▸ **Your instructions**
In the listing below, find every line containing "CtxAccessors" and copy it out.

▸ **Entries supplied**
────────

Lemma comp_idl_eq (C : Cat) (f : Mor C) Y : cod f = Y -> idm Y ∘ f = f.
Proof. intros <-; apply comp_idl. Qed.

Lemma comp_idr_eq (C : Cat) (f : Mor C) Y : dom f = Y -> f ∘ idm Y = f.
Proof. intros <-; apply comp_idr. Qed.

Lemma comp_assoc_rw (C : Cat) (x y z r : Mor C) :
  x ∘ y = z -> cod r = dom y -> cod y = dom x -> x ∘ (y ∘ r) = z ∘ r.
Proof. intros E H1 H2. rewrite comp_assoc by assumption. rewrite E. reflexivity. Qed.

Section CtxAccessors.
Variable M : CtxCat.

Lemma dom_proj (X : Ob M) : 0 < deg X -> dom (proj X) = X.
Proof. intro H; apply (proj_hom H). Qed.

Lemma cod_proj (X : Ob M) : 0 < deg X -> cod (proj X) = ft X.
Proof. intro H; apply (proj_hom H). Qed.

Lemma dom_qq (f : Mor M) X : 0 < deg X -> cod f = ft X -> dom (qq f X) = pb f X.
Proof. intros H1 H2; apply (qq_hom H1 H2). Qed.

Lemma cod_qq (f : Mor M) X : 0 < deg X -> cod f = ft X -> cod (qq f X) = X.
Proof. intros H1 H2; apply (qq_hom H1 H2). Qed.

Lemma deg_pb_gt0 (f : Mor M) X : 0 < deg X -> cod f = ft X -> 0 < deg (pb f X).
Proof. intros H1 H2; rewrite pb_deg by assumption; lia. Qed.

End CtxAccessors.

(* [domcod] closes the domain/codomain side conditions that every composition
   in this one-sorted encoding generates; [degpos] closes [0 < deg _]. *)
Ltac degpos := first [ assumption | lia | apply deg_pb_gt0; [degpos | domcod0] ]
with domcod0 := repeat first
  [ rewrite dom_idm | rewrite cod_idm
  | rewrite dom_comp by domcod0 | rewrite cod_comp by domcod0
  | rewrite dom_proj by degpos | rewrite cod_proj by degpos
  | rewrite dom_qq by (degpos || domcod0) | rewrite cod_qq by (degpos || domcod0)
  | rewrite pb_ft by (degpos || domcod0) ];
  first [ reflexivity | congruence ].

Ltac domcod_hyps := repeat match goal with
  | H : context[ft (pb ?f ?X)] |- _ => rewrite (@pb_ft _ f X) in H by (degpos || domcod0)
  | H : context[dom (qq ?f ?X)] |- _ => rewrite (@dom_qq _ f X) in H by (degpos || domcod0)
  | H : context[cod (qq ?f ?X)] |- _ => rewrite (@cod_qq _ f X) in H by (degpos || domcod0)
  | H : context[dom (proj ?X)] |- _ => rewrite (@dom_proj _ X) in H by degpos
  | H : context[cod (proj ?X)] |- _ => rewrite (@cod_proj _ X) in H by degpos
  | H : context[dom (?g ∘ ?f)] |- _ => rewrite (@dom_comp _ g f) in H by domcod0
  | H : context[cod (?g ∘ ?f)] |- _ => rewrite (@cod_comp _ g f) in H by domcod0
  | H : context[dom (idm ?X)] |- _ => rewrite (@dom_idm _ X) in H
  | H : context[cod (idm ?X)] |- _ => rewrite (@cod_idm _ X) in H
  end.

Ltac domcod := first [ domcod0 | domcod_hyps; domcod0 ].

Ltac assoc_right := repeat (rewrite <- comp_assoc by domcod).

Section Pullbacks.
Variable C : Cat.

Lemma hom_comp (X Y Z : Ob C) f g : hom X Y f -> hom Y Z g -> hom X Z (g ∘ f).
Proof. intros [H1 H2] [H3 H4]; split; domcod. Qed.

Lemma pullback_parts (f g p1 p2 : Mor C) : is_pullback f g p1 p2 ->
  cod f = cod g /\ dom p1 = dom p2 /\ cod p1 = dom f /\ cod p2 = dom g /\ f ∘ p1 = g ∘ p2.
Proof. intros (H1 & H2 & H3 & H4 & H5 & _). tauto. Qed.

Lemma pullback_map (f g p1 p2 a b : Mor C) : is_pullback f g p1 p2 ->
  dom a = dom b -> cod a = dom f -> cod b = dom g -> f ∘ a = g ∘ b ->
  exists u, hom (dom a) (dom p1) u /\ p1 ∘ u = a /\ p2 ∘ u = b.
Proof.
  intros (_ & _ & _ & _ & _ & HU) H1 H2 H3 E.
  destruct (HU a b H1 H2 H3 E) as [u [Hu _]]. exists u; exact Hu.
Qed.

Lemma pullback_map_ext (f g p1 p2 : Mor C) : is_pullback f g p1 p2 ->
  forall u v, dom u = dom v -> cod u = dom p1 -> cod v = dom p1 ->
  p1 ∘ u = p1 ∘ v -> p2 ∘ u = p2 ∘ v -> u = v.
Proof.
  intros S u v Hduv Hcu Hcv E1 E2.
  pose proof (pullback_parts S) as (Hc & Hd & Hc1 & Hc2 & Hsq).
  destruct S as (_ & _ & _ & _ & _ & HU).
  destruct (HU (p1 ∘ u) (p2 ∘ u)) as [w [_ Huniq]]; try domcod.
  - rewrite !comp_assoc by domcod. rewrite Hsq. reflexivity.
  - rewrite <- (Huniq u), <- (Huniq v); repeat split; domcod.
Qed.

Lemma pullback_iso (f g p1 p2 q1 q2 : Mor C) :
  is_pullback f g p1 p2 -> is_pullback f g q1 q2 ->
  exists i i', hom (dom q1) (dom p1) i /\ hom (dom p1) (dom q1) i' /\
    p1 ∘ i = q1 /\ p2 ∘ i = q2 /\ q1 ∘ i' = p1 /\ q2 ∘ i' = p2 /\
    i ∘ i' = idm (dom p1) /\ i' ∘ i = idm (dom q1).
Proof.
  intros Hp Hq.
  pose proof (pullback_parts Hp) as (Hc & Hd & Hc1 & Hc2 & Hsq).
  pose proof (pullback_parts Hq) as (Hc' & Hd' & Hc1' & Hc2' & Hsq').
  destruct (pullback_map Hp (a := q1) (b := q2)) as (i & [Hid Hic] & Ei1 & Ei2); try assumption.
  destruct (pullback_map Hq (a := p1) (b := p2)) as (i' & [Hi'd Hi'c] & Ei'1 & Ei'2); try assumption.
  exists i, i'. repeat split; try assumption.
  - apply (pullback_map_ext Hp); try domcod.
    + rewrite comp_assoc by domcod. rewrite Ei1, Ei'1. symmetry; apply comp_idr.
    + rewrite comp_assoc by domcod. rewrite Ei2, Ei'2, Hd. symmetry; apply comp_idr.
  - apply (pullback_map_ext Hq); try domcod.
    + rewrite comp_assoc by domcod. rewrite Ei'1, Ei1. symmetry; apply comp_idr.
    + rewrite comp_assoc by domcod. rewrite Ei'2, Ei2, Hd'. symmetry; apply comp_idr.
Qed.

Lemma pullback_idm (Z : Ob C) (f : Mor C) : cod f = Z -> is_pullback (idm Z) f f (idm (dom f)).
Proof.
  intro Hf. do 4 (split; [domcod|]). split.
  { rewrite comp_idl_eq by domcod. symmetry; apply comp_idr. }
  intros x y Hxy Hx Hy E.
  rewrite comp_idl_eq in E by domcod.
  exists y. split.
  - split; [split; domcod|split; [congruence|apply comp_idl_eq; domcod]].
  - intros y' ([Hd Hc] & E1 & E2). rewrite comp_idl_eq in E2 by domcod. congruence.
Qed.

Lemma pullback_paste (f g h p q a b : Mor C) : cod f = dom g ->
  is_pullback g h p q -> is_pullback f p a b -> is_pullback (g ∘ f) h a (q ∘ b).
Proof.
  intros Hfg S2 S1.
  pose proof (pullback_parts S2) as (H1 & H2 & H3 & H4 & E2).
  pose proof (pullback_parts S1) as (H1' & H2' & H3' & H4' & E1).
  do 4 (split; [domcod|]). split.
  { assoc_right. rewrite E1. rewrite !comp_assoc by domcod. rewrite E2. reflexivity. }
  intros x y Hxy Hx Hy E.
  rewrite dom_comp in Hx by domcod.
  destruct (pullback_map S2 (a := f ∘ x) (b := y)) as (v & [Hvd Hvc] & Ev1 & Ev2); try domcod.
  { rewrite comp_assoc by domcod. exact E. }
  destruct (pullback_map S1 (a := x) (b := v)) as (z & [Hzd Hzc] & Ez1 & Ez2); try domcod.
  exists z. split.
  - split; [split; domcod|split; [assumption|]]. assoc_right. congruence.
  - intros z' ([Hz'd Hz'c] & Ez'1 & Ez'2).
    apply (pullback_map_ext S1); try domcod.
    apply (pullback_map_ext S2); try domcod.
    + rewrite !comp_assoc by domcod. rewrite <- E1. assoc_right.
      rewrite Ez1, Ez'1. reflexivity.
    + rewrite Ez2, Ev2. rewrite comp_assoc by domcod. symmetry; exact Ez'2.
Qed.

Lemma pullback_cancel (f g h qx qt c d : Mor C) : cod f = dom g ->
  is_pullback (g ∘ f) h qx qt -> is_pullback g h c d ->
  exists u, hom (dom qx) (dom c) u /\ c ∘ u = f ∘ qx /\ d ∘ u = qt /\
    is_pullback f c qx u.
Proof.
  intros Hfg Sq S2.
  pose proof (pullback_parts S2) as (H1 & H2 & H3 & H4 & Es2).
  pose proof (pullback_parts Sq) as (H1' & H2' & H3' & H4' & Esq).
  rewrite dom_comp in H3' by domcod.
  destruct (pullback_map S2 (a := f ∘ qx) (b := qt)) as (u & [Hud Huc] & E1 & E2); try domcod.
  { rewrite comp_assoc by domcod. exact Esq. }
  exists u. split; [split; domcod|]. do 2 (split; [assumption|]).
  do 4 (split; [domcod|]). split; [congruence|].
  intros x y Hxy Hx Hy E.
  destruct (pullback_map Sq (a := x) (b := d ∘ y)) as (z & [Hzd Hzc] & Ez1 & Ez2); try domcod.
  { assoc_right. rewrite E. rewrite !comp_assoc by domcod. rewrite Es2. reflexivity. }
  assert (Euz : u ∘ z = y).
  { apply (pullback_map_ext S2); try domcod.
    - rewrite comp_assoc by domcod. rewrite E1. assoc_right. rewrite Ez1. congruence.
    - rewrite comp_assoc by domcod. rewrite E2. exact Ez2. }
  exists z. split.
  - split; [split; domcod|split; assumption].
  - intros z' ([Hz'd Hz'c] & Ez'1 & Ez'2).
    apply (pullback_map_ext Sq); try domcod.
    rewrite Ez2, <- Ez'2, <- E2. rewrite comp_assoc by domcod. reflexivity.
Qed.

────────

▸ **Result for this exercise**
Section CtxAccessors.
End CtxAccessors.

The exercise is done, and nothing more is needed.